Schema code generation

This chapter describes how to automatically generate ldbc table definitions from SQL files.

The following dependencies must be set up in your project

addSbtPlugin("io.github.takapi327" % "ldbc-plugin" % "0.3.0-beta8")

Generate

Enable the plugin for the project.

lazy val root = (project in file("."))
  .enablePlugins(Ldbc)

Specify the SQL file to be analyzed as an array.

Compile / parseFiles := List(baseDirectory.value / "test.sql")

List of keys that can be set by enabling the plugin

Key Detail
parseFiles List of SQL files to be analyzed
parseDirectories Specify SQL files to be parsed by directory
excludeFiles List of file names to exclude from analysis
customYamlFiles List of yaml files for customizing Scala types and column data types
classNameFormat Value specifying the format of the class name
propertyNameFormat Value specifying the format of the property name in the Scala model
ldbcPackage Value specifying the package name of the generated file

The SQL file to be parsed must always begin with a Create or Use statement for the database. ldbc parses the file one file at a time, generates table definitions, and stores the list of tables in the database model. This is because it is necessary to tell which database the table belongs to.

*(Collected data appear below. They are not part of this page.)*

Definition ket0z : 'cV[C]_2 := delta_mx 0 0.
Definition ket1z : 'cV[C]_2 := delta_mx 1 0.
Definition ket0x : 'cV[C]_2 := rc (Num.sqrt 2)^-1 *: (ket0z + ket1z).
Definition ket1x : 'cV[C]_2 := rc (Num.sqrt 2)^-1 *: (ket0z - ket1z).

Definition alpha : R := sin (pi / 8).
Definition beta : R := cos (pi / 8).

Definition phi0 : 'cV[C]_2 := rc beta *: ket0x + rc alpha *: ket1x.

Definition Rot : 'M[C]_2 :=
  rc (cos (pi / 4)) *: 1%:M
  + rc (sin (pi / 4)) *: (ket1x *m adj ket0x - ket0x *m adj ket1x).

Definition phi (m : nat) : 'cV[C]_2 := (Rot ^- m) *m phi0.

Definition Filt : 'M[C]_2 :=
  rc (sin (pi / 8)) *: (ket0x *m adj ket0x) + rc (cos (pi / 8)) *: (ket1x *m adj ket1x).

(* two-qubit vectors, system A first *)
Definition PsiAB : 'M[C]_(2 * 2, 1 * 1) :=
  rc (Num.sqrt 2)^-1 *: (ket0z *t phi 0 + ket1z *t phi 1).

Definition PhiP : 'M[C]_(2 * 2, 1 * 1) := rc (Num.sqrt 2)^-1 *: (ket0z *t ket0z + ket1z *t ket1z).
Definition PhiM : 'M[C]_(2 * 2, 1 * 1) := rc (Num.sqrt 2)^-1 *: (ket0z *t ket0z - ket1z *t ket1z).
Definition PsiP : 'M[C]_(2 * 2, 1 * 1) := rc (Num.sqrt 2)^-1 *: (ket0z *t ket1z + ket1z *t ket0z).
Definition PsiM : 'M[C]_(2 * 2, 1 * 1) := rc (Num.sqrt 2)^-1 *: (ket0z *t ket1z - ket1z *t ket0z).

Definition rho (I : finType) (E : I -> 'M[C]_2) : 'M[C]_(2 * 2) :=
  \sum_(k < 4) \sum_(f : I)
    let K := (1%:M : 'M[C]_2) *t (Filt *m Rot ^- k *m E f *m Rot ^+ k) in
    K *m (PsiAB *m adj PsiAB) *m adj K.

Definition expect {n} (v : 'cV[C]_n) (M : 'M[C]_n) : C := (adj v *m M *m v) 0 0.

End QKD.

(* For a Bell vector v = (|0_z> x0 + |1_z> x1)/sqrt 2, the amplitude
   <v| (I ⊗ F R^-k M R^k) |Psi> equals tr (M R^k G R^-k) / 2, where
   G = (phi_0 x0^† + phi_1 x1^†) F depends neither on k nor on M.  Writing
   G = x σ_x + y σ_z + z iσ_y, conjugation by R turns (x, y) by a quarter turn
   and fixes z, so after summing over k the cross terms cancel and
   <v|rho|v> = (x^2 + y^2)/2 weightXZ + z^2 weightY, with nonnegative weights
   that depend only on Eve's operators.  For Psi+, Psi- and Phi- one finds
   (x, y, z) = (1/2, 0, 0), (0, -1/2, 1/sqrt 2) and (0, 1/sqrt 2, -1/2), so the
   three expectations are weightXZ/8, weightXZ/8 + weightY/2 and
   (weightXZ + weightY)/4, and the theorem follows by linear algebra. *)

From mathcomp Require Import all_boot all_order all_algebra.
From mathcomp Require Import reals.
From mathcomp Require Import trigo.
From mathcomp Require Import complex mxtens.
From mathcomp Require Import ring lra.
Set Implicit Arguments. Unset Strict Implicit. Unset Printing Implicit Defensive.
Import Order.TTheory GRing.Theory Num.Theory.
Local Open Scope ring_scope.

Section PiEighth.
Variable R : realType.
Local Notation s := ((Num.sqrt 2)^-1 : R).
Local Notation a := (alpha R).
Local Notation b := (beta R).

Lemma sqr_invsqrt2 : s ^+ 2 = 2^-1.
Proof. by rewrite exprVn sqr_sqrtr. Qed.

Lemma cos_piquarter : cos (pi / 4) = s.
Proof.
have cos_gt0 : 0 < cos (pi / 4 : R).
  by apply: cos_gt0_pihalf; have := pi_gt0 R => ?; apply/andP; split; lra.
have cos_sqr : cos (pi / 4 : R) ^+ 2 = 2^-1.
  have pi_half : (pi / 4 : R) *+ 2 = pi / 2 by rewrite mulr2n; lra.
  by have := cos_mulr2n (pi / 4 : R); rewrite pi_half cos_pihalf; lra.
by rewrite -sqrtrV // -cos_sqr sqrtr_sqr gtr0_norm.
Qed.

Lemma sin_piquarter : sin (pi / 4) = s.
Proof.
by rewrite -cosBpihalf (_ : _ - _ = - (pi / 4)) ?cosN ?cos_piquarter //; lra.
Qed.

Lemma pi_eighth_mulr2n : (pi / 8 : R) *+ 2 = pi / 4.
Proof. by rewrite mulr2n; lra. Qed.

Lemma alpha2Dbeta2 : a ^+ 2 + b ^+ 2 = 1.
Proof. by rewrite addrC cos2Dsin2. Qed.

Lemma beta2Balpha2 : b ^+ 2 - a ^+ 2 = s.
Proof.
have := cos_mulr2n (pi / 8 : R); rewrite pi_eighth_mulr2n cos_piquarter => ->.
by have := alpha2Dbeta2; rewrite /alpha /beta; lra.
Qed.
Lemma uncoverable_small_complement (eps : R) :
  (forall t : 'I_n -> point R d, exists A : {set 'I_m}, eps * m%:R <= #|A|%:R /\
     forall k, k \in A -> ~ covered_by_translates B t (S k)) ->
  forall D : {set 'I_m}, #|~: D|%:R < eps * m%:R -> uncoverable D.
Proof.
move=> uncovered D D_small; apply/asboolPn=> -[t t_cov].
have [A [A_large A_unc]] := uncovered t.
have A_sub : A \subset ~: D.
  by apply/subsetP=> k kA; rewrite inE; apply/negP=> kD; exact: A_unc k kA (t_cov k kD).
by move: D_small; rewrite ltNge (le_trans A_large) // ler_nat subset_leq_card.
Qed.

Lemma uncoverable_colorful h : hc_prop R d n h ->
  forall W : 'I_h -> {set 'I_m}, (forall i, uncoverable (W i)) ->
  exists2 c : 'I_h -> 'I_m, (forall i, c i \in W i) & uncoverable [set c i | i : 'I_h].
Proof.
move=> hc W W_unc; apply: contrapT => no_transversal.
have transversal_coverable (c : 'I_h -> 'I_m) :
    (forall i, c i \in W i) -> coverable B n S [set c i | i : 'I_h].
  by move=> cW; apply: contrapT => c_unc; apply: no_transversal; exists c => //; apply/asboolPn.
pose F i : family R d := fun C => exists k, k \in W i /\ C = covering_translations (S k).
have [i [t t_pierce]] : exists i, pierceable n (F i).
  apply: hc => C FC; have [c cP] := choice FC.
  have [t t_cov] := transversal_coverable c (fun i => (cP i).1).
  exists t => _ [i ->]; rewrite (cP i).2.
  have [j ?] : covered_by_translates B t (S (c i)) by apply: t_cov; apply: imset_f.
  by exists j; apply/in_covering_translations.
apply: (elimT (asboolPn _) (W_unc i)); exists t => k kW.
have [j ?] := t_pierce _ (ex_intro _ k (conj kW erefl)).
by exists j; apply/in_covering_translations.
Qed.

End Translates.

Theorem lemma6 (R : realType) (d n h : nat) :
  is_hc R d n h ->
  forall eps : R, 0 < eps -> eps <= 1 ->
  exists gamma : R, 0 < gamma /\
    forall (B : box R d) (m : nat) (S : 'I_m -> point R d),
      injective S -> (h <= m)%N ->
      (forall t : 'I_n -> point R d,
         exists A : {set 'I_m}, eps * m%:R <= #|A|%:R /\
           forall k, k \in A -> ~ covered_by_translates B t (S k)) ->
      exists Fam : {set {set 'I_m}},
        gamma * 'C(m, h)%:R <= #|Fam|%:R /\
        forall A, A \in Fam -> #|A| = h /\ ~ coverable B n S A.
Proof.
move=> [h_gt0 [hc _]] eps eps_gt0 _.
have hh_gt0 : (0 : R) < (h ^ h)%:R by rewrite ltr0n expn_gt0 h_gt0.
exists (rate h eps ^+ h / (h ^ h)%:R); split.
  by rewrite divr_gt0 // exprn_gt0 // divr_gt0.
move=> B m S _ h_le_m uncovered.
have [Fam Fam_large FamP] := exists_many_P_hsets h_gt0 h_le_m eps_gt0
  (uncoverable_small_complement uncovered) (uncoverable_colorful hc)
  (@uncoverable_superset R d n m B S).
exists Fam; split; last by move=> A /FamP[? /asboolPn].
rewrite mulrAC ler_pdivrMr // -natrM.
exact: le_trans (threshold0_ge _ _ eps_gt0) Fam_large.
Qed.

CREATE DATABASE `location`;

USE `location`;

DROP TABLE IF EXISTS `country`;
CREATE TABLE country (
  `id` BIGINT AUTO_INCREMENT PRIMARY KEY,
  `name` VARCHAR(255) NOT NULL,
  `code` INT NOT NULL
);

The SQL file to be analyzed should contain only Create/Use statements for the database or Create/Drop statements for table definitions.

Generated Code

When the sbt project is started and compiled, model classes generated based on the SQL file to be analyzed and table definitions are generated under the target of the sbt project.

sbt compile

The code generated from the above SQL file will look like this

package ldbc.generated.location

import ldbc.schema.*

case class Country(
  id: Long,
  name: String,
  code: Int
)

object Country:
  val table = Table[Country]("country")(
    column("id", BIGINT, AUTO_INCREMENT, PRIMARY_KEY),
    column("name", VARCHAR(255)),
    column("code", INT)
  )

If the SQL file has been modified or the cache has been removed by running the clean command, Compile will generate the code again. If the SQL file has been modified or the cache has been deleted by executing the clean command, the code will be generated again when Compile is executed. If you want to generate the code again without using the cache, execute the command generateBySchema. This command does not use the cache and always generates code.

sbt generateBySchema

Customization

There may be times when you want to convert the type of code generated from an SQL file to something else. This can be done by passing customYamlFiles with the yml files to be customized.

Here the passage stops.